▶ _EXERCISE_:
Determine the number of lines in these entries that hold the word "assert". Give the number and nothing more.
------
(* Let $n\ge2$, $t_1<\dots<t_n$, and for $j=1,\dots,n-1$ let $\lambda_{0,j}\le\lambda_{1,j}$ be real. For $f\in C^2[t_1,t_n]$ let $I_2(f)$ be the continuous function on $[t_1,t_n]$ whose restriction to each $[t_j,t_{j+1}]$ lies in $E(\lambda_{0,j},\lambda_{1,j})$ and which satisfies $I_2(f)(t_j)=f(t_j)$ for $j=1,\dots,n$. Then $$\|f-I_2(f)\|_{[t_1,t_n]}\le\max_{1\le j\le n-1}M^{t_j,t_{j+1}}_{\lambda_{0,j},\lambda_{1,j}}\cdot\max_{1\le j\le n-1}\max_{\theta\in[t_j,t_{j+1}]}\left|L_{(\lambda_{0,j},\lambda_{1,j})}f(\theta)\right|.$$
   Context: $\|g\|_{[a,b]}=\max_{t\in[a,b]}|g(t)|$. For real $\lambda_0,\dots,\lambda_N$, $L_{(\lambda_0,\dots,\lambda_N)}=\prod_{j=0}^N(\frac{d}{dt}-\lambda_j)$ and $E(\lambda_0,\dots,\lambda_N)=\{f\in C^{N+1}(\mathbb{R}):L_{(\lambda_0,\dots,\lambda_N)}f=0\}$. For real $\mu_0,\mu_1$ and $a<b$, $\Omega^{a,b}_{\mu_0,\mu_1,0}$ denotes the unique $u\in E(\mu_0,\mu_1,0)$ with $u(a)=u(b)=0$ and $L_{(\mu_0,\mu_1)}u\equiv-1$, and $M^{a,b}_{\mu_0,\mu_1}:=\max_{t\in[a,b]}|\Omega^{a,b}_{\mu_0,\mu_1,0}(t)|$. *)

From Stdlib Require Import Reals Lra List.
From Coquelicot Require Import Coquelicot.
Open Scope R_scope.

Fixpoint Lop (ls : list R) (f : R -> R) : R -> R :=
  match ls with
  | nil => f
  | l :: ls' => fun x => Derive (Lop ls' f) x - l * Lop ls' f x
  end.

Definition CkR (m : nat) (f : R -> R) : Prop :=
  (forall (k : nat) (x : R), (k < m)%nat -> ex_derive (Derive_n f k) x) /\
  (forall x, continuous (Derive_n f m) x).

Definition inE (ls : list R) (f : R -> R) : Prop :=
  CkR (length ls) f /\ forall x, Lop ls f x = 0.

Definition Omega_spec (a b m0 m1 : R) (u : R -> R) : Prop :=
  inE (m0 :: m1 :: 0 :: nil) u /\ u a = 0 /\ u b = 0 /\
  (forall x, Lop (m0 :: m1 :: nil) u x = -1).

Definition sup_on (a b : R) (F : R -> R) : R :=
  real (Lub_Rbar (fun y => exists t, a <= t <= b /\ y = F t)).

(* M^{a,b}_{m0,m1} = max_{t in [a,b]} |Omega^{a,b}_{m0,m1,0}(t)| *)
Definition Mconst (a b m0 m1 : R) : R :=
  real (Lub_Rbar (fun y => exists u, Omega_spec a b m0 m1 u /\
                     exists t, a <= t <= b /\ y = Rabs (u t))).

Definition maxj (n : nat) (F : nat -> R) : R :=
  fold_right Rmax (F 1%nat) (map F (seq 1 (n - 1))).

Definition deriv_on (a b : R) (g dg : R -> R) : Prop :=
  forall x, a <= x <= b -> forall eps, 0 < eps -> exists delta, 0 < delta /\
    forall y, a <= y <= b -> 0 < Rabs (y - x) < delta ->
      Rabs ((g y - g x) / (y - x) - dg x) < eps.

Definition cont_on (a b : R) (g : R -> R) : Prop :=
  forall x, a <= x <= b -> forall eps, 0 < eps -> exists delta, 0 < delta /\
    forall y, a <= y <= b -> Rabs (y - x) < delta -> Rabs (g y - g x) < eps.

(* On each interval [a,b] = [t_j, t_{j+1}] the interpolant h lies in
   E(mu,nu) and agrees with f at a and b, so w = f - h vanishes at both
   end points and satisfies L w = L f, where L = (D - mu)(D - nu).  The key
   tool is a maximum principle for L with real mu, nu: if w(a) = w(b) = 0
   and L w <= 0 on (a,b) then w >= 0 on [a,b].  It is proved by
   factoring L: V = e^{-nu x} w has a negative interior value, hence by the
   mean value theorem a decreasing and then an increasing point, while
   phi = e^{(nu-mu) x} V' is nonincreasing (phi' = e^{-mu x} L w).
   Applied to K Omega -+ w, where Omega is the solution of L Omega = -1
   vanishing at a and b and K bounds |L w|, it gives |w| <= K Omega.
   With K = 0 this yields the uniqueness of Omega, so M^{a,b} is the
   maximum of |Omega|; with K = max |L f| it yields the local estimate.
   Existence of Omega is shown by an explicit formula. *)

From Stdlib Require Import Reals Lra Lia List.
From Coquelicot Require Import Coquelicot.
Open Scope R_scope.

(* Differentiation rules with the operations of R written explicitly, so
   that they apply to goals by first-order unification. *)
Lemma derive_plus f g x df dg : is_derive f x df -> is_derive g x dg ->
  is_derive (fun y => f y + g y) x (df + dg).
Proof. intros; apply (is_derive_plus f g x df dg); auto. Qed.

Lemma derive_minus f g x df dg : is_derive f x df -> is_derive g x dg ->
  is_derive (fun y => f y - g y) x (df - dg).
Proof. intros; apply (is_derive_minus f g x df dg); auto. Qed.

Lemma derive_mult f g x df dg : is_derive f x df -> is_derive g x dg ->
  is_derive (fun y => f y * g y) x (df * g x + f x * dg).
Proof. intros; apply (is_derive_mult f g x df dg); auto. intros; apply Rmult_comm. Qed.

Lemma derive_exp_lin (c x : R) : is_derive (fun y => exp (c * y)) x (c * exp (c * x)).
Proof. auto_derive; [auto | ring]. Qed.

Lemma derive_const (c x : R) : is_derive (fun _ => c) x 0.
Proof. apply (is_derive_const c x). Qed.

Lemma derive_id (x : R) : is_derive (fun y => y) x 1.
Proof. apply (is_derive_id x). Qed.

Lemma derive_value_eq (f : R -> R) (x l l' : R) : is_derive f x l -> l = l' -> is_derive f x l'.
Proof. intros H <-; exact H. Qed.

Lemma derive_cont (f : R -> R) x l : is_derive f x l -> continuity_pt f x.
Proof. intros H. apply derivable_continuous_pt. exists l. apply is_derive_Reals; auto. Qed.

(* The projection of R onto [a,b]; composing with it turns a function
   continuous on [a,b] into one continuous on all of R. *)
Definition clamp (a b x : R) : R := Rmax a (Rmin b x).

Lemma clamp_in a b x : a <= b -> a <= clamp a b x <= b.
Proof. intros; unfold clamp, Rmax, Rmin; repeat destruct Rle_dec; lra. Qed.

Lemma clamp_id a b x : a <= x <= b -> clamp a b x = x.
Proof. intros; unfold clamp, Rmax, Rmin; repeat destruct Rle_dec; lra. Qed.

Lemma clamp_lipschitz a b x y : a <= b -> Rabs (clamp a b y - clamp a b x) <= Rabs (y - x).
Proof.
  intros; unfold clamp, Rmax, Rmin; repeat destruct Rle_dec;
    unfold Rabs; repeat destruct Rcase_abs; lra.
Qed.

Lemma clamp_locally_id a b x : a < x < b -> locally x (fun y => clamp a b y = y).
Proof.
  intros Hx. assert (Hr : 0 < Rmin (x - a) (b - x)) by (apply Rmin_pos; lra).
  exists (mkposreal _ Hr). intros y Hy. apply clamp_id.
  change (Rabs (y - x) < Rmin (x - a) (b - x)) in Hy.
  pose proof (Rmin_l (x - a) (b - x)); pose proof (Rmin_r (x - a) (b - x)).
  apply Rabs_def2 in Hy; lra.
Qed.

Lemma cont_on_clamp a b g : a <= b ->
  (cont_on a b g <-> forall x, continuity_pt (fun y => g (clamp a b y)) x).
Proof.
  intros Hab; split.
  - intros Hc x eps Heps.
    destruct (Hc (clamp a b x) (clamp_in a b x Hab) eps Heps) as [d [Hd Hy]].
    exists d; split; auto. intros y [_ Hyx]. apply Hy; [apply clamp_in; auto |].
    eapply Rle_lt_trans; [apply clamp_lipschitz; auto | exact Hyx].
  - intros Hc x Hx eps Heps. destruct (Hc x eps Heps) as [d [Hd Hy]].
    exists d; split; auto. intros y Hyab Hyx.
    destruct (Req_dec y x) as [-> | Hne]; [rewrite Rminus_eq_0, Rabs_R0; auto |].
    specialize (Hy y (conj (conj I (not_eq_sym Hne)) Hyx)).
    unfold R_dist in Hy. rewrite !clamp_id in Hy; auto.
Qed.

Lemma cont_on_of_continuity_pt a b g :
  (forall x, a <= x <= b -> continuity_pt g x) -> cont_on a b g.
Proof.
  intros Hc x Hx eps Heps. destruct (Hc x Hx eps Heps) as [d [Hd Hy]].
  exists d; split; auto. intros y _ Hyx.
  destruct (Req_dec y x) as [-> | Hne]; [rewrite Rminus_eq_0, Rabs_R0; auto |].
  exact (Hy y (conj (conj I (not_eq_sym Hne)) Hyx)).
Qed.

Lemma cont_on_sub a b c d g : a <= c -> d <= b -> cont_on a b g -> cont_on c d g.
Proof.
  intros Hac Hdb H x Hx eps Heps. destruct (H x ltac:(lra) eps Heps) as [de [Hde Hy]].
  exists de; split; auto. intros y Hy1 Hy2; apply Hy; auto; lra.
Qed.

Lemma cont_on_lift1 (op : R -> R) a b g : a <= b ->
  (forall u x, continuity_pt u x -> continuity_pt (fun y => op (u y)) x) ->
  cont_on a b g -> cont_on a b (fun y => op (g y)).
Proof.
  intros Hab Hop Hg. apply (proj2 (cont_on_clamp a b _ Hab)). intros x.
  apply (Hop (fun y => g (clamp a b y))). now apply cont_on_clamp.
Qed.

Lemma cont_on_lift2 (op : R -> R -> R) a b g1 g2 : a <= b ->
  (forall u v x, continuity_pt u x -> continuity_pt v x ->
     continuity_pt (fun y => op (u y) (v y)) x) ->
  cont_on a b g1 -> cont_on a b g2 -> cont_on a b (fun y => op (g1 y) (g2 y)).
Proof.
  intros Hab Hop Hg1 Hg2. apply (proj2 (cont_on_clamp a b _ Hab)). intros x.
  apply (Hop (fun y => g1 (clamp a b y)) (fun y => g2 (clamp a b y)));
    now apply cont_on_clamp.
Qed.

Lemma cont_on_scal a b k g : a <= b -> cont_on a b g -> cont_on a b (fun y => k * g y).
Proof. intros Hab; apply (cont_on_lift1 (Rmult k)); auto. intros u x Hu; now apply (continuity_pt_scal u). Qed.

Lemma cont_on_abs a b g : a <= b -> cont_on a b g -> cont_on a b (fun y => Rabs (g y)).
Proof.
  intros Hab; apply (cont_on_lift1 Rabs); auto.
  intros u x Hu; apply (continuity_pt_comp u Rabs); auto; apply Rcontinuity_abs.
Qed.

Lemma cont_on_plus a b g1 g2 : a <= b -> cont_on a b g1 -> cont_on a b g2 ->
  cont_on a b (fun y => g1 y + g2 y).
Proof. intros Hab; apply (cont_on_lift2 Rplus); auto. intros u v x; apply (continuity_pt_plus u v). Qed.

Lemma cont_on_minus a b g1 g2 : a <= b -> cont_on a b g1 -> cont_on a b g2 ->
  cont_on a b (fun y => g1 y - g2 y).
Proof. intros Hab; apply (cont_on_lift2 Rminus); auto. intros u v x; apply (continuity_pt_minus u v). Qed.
------
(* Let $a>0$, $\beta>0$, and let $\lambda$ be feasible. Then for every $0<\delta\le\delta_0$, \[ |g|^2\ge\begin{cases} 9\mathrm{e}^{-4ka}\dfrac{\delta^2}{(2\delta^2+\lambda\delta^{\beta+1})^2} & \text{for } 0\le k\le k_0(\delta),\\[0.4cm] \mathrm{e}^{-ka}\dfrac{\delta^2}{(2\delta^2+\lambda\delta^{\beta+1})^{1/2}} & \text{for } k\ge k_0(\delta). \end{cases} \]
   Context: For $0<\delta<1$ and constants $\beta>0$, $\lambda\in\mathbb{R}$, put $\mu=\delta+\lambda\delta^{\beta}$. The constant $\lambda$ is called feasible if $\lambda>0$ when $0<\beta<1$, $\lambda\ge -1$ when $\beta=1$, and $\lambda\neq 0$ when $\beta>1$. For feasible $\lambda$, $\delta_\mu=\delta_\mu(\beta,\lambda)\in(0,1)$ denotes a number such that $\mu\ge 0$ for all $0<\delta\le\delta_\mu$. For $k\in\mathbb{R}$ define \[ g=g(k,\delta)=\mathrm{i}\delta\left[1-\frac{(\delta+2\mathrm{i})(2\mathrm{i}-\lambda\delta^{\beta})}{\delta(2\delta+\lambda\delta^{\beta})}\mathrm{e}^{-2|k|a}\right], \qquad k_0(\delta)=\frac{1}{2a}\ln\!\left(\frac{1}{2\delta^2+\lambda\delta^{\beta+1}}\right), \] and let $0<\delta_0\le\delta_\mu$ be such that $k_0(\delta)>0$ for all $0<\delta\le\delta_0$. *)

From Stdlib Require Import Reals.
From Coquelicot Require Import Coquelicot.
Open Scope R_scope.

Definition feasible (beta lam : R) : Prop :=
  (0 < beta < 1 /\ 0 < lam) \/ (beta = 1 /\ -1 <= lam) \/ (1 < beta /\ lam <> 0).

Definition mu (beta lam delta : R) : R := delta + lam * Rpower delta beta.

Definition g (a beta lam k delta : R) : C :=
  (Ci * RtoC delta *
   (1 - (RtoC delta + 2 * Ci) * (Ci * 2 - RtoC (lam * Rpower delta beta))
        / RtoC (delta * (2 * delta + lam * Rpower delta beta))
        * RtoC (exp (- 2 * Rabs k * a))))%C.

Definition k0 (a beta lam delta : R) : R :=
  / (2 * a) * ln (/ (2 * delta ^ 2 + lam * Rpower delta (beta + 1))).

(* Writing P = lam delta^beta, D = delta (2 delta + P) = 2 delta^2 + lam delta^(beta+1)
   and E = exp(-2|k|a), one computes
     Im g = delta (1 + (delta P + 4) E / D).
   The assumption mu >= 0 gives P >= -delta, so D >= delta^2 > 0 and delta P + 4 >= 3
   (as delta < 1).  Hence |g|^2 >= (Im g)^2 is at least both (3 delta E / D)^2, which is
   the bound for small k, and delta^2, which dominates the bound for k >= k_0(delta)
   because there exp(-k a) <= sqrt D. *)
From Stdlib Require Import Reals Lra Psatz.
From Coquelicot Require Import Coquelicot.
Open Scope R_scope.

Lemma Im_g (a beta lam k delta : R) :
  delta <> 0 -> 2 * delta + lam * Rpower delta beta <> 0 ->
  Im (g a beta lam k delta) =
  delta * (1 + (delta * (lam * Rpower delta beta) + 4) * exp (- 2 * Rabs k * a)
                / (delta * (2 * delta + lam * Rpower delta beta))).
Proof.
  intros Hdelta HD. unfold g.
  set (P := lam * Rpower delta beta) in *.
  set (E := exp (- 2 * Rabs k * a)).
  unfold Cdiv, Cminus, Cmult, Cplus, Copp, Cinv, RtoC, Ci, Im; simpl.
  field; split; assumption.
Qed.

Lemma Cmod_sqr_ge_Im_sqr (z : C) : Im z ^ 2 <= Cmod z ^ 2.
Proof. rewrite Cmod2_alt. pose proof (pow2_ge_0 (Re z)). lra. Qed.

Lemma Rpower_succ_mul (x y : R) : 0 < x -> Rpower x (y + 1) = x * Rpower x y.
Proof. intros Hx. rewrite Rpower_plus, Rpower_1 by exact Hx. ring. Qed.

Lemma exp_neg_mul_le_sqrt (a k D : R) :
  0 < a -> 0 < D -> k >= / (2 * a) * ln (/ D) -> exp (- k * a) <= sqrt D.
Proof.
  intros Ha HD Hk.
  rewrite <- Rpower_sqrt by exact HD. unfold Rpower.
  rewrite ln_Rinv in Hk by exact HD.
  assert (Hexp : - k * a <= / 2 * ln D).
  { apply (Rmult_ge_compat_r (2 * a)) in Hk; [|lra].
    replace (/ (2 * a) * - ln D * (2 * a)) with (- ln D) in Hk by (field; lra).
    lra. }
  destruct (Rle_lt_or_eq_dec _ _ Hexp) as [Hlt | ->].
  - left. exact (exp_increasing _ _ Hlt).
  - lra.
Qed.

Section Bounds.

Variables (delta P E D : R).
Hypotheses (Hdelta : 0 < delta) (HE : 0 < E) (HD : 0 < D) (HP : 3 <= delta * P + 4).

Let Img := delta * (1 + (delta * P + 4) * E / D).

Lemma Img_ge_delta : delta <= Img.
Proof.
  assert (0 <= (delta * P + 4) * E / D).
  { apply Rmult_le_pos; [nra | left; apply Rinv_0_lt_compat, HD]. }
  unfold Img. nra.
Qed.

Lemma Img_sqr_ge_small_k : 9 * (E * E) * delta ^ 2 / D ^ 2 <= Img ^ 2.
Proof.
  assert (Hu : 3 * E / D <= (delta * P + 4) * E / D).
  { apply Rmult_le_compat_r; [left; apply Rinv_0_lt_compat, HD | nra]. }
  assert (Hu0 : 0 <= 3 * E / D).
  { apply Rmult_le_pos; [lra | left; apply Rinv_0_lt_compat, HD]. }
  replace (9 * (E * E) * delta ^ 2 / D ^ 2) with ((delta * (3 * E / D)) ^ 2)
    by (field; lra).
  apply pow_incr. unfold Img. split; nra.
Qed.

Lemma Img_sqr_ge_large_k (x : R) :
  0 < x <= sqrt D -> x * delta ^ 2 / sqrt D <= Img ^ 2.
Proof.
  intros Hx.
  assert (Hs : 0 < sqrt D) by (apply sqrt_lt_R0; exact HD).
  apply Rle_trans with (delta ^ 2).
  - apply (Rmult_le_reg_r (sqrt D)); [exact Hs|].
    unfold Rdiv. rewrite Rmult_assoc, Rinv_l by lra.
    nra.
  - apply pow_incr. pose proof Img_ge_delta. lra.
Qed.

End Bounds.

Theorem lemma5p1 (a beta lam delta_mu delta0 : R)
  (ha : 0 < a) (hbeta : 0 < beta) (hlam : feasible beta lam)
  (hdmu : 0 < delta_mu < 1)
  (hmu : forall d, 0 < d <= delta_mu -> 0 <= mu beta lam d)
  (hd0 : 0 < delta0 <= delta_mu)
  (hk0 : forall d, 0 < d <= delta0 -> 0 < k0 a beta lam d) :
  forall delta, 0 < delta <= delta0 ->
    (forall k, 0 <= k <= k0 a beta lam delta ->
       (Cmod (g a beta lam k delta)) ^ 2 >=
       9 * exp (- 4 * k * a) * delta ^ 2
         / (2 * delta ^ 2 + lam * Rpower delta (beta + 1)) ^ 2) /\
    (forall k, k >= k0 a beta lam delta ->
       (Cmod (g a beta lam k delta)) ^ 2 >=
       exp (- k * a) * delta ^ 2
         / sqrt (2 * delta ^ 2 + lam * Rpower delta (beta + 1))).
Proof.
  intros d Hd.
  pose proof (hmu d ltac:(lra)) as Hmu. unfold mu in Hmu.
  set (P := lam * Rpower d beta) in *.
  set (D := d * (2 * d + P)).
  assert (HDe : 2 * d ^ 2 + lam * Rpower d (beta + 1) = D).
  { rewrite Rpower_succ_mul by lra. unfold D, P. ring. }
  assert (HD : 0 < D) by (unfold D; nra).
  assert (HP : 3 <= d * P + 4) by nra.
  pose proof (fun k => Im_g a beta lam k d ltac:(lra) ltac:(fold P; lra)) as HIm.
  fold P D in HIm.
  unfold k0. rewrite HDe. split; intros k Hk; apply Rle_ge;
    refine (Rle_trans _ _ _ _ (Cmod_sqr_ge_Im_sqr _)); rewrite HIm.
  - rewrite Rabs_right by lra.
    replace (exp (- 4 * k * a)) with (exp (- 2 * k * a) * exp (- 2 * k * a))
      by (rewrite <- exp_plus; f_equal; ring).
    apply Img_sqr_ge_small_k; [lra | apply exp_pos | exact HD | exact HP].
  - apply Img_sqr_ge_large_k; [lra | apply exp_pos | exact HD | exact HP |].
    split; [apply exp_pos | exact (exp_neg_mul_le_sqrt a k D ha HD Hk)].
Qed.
------
▶ _TASK RESPONSE_:
9